Yesterday was my girlfriend's birthday. Pretty much this sums up my relationship. This is an email i got this morning. I spent roughly $300 dollars on her during Christmas. I bought her a promise ring from Kay. I Bought Texan playoff tickets for the both of us. I'd like to get some input on this. I already told her a week ago that we are going to celebrate her birthday this weekend. We do work together. We had lunch together (granted she got a free birthday meal) Co-Workers made her a cake. Hi. I wanted to say I'm sorry for being upset about yesterday. But to me it was my birthday and I know you don't have money and that's ok I understand but you should have tried to do other things to make it up to me. Yeah u offered to make dinner why couldn't u just get up and make it without saying anything to me? You want to kiss me and I say no cause your beard hurts why couldn't you go shave? And you didn't even come tell me good night, I know you said when u came in I was already asleep but I know for a fact u were watching the game and I went and started playing my game on my phone for about 30 minutes. U didn't realize I was gone from the loving room or was the game more important? You know my birthday is important to me and I don't care about the money. I understand.. I just wish you would have tried other things to make it a special day for me. Jess.
Ummmmm WTF? If it's her time of the month I would say ignore the email and just say "sorry" and try to "make it up" but if shes not on her red dot sight then WTF? Seems like she is looking for reasons to b**** at how her bday wasnt perfect
She is just in a mood where she wants to feel loved, girls get those every now and again from my experienes with my girlfriend and my exes in the past.
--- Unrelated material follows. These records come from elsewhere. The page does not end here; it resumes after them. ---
(* Let $G=(\{f_i\},\{c_i\},\{X_i\},W)$ be a networked public goods game (as in the context). Suppose there exist $\boldsymbol{\gamma}\in\mathbb{R}_{++}^n$ and constants $c, L_0\ge 0$ such that (1) for every $i$ and every fixed $d\in[\underline{d}_i,\bar{d}_i]$, the function $x\mapsto\gamma_i\big(f_i(x+d)-c_i(x)\big)$ is $c$-concave on $X_i$; (2) $f_i'$ is $L_0$-Lipschitz for every $i$; (3) $c>L_0\,\sigma_{\max}(\Sigma)$, where $\Sigma=(\sigma_{ij})$ with $\sigma_{ij}=\sum_{k\ne i}\gamma_k|w_{ki}w_{kj}|$ and $\sigma_{\max}$ denotes the maximum singular value. Then $G$ has a unique (pure) Nash equilibrium.
   Context: There are $n$ players; player $i$ chooses effort $x_i\in X_i=[\underline{x}_i,\bar{x}_i]$, $X=\prod_iX_i$. $W=(w_{ij})$ is a real $n\times n$ matrix with $w_{ii}=1$. The gain of $i$ is $k_i=\sum_jw_{ij}x_j\in K_i=[\underline{k}_i,\bar{k}_i]$ (min and max over $X$). $f_i:K_i\to\mathbb{R}$ is twice differentiable, concave and strictly increasing; $c_i:X_i\to\mathbb{R}$ is twice differentiable, convex and strictly increasing; utility $u_i(\mathbf{x})=f_i(k_i)-c_i(x_i)$. A Nash equilibrium is $\mathbf{x}\in X$ with $u_i(x_i',\mathbf{x}_{-i})\le u_i(\mathbf{x})$ for all $i$, $x_i'\in X_i$. The externality gain bounds are $\underline{d}_i=\sum_{j\ne i}\big(\mathbf{1}\{w_{ij}>0\}w_{ij}\underline{x}_j+\mathbf{1}\{w_{ij}<0\}w_{ij}\bar{x}_j\big)$ and $\bar{d}_i=\sum_{j\ne i}\big(\mathbf{1}\{w_{ij}>0\}w_{ij}\bar{x}_j+\mathbf{1}\{w_{ij}<0\}w_{ij}\underline{x}_j\big)$. A differentiable $g$ on a convex set is $c$-concave if $g(y)\le g(x)+\langle y-x,\nabla g(x)\rangle-\frac c2\|y-x\|^2$ for all $x,y$. *)

From HB Require Import structures.
From mathcomp Require Import all_boot all_order all_algebra.
From mathcomp Require Import reals.
Set Implicit Arguments. Unset Strict Implicit. Unset Printing Implicit Defensive.
Import Order.TTheory GRing.Theory Num.Theory.
Local Open Scope ring_scope.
So to sum up the advice from the first ten posts: - She's 'bout to dump you. Dump her first. - Love her like Te'o loved his make-believe girlfriend. - Shave. - Don't shave. - She might be on the rag. If not, head to splitsville. - Y does she use both 'u' and 'you' and does that provide an insight to the deeper problem? - Is this Vivi? - Living room should be the "STFU I'm watching the game" room not the "Loving" room. - Promise ring was a bad idea.
It will be 2 years in May. I like to think I'm a good boyfriend. Her car was repoed almost a year ago. She depends on me to take her where she needs to go. I never complain or grunt. I really do try and make her happy. But I feel it's not enough with her.
Women need/want attention and to feel special. That doesn't mean spending money on them, necessarily. I'd imagine you aren't making her feel wanted/needed. Sure you mentioned buying her some stuff, but based on the fact that you feel the need to say how much you spent on her, I'd imagine you are feel that buying stuff is equal to giving attention...it is not. Oh yeah, women are crazy, so get used to it.
With this added bit of information, she sounds like a user/overly dependent person and it will never be enough for her. Go get yourself a nice independent girl.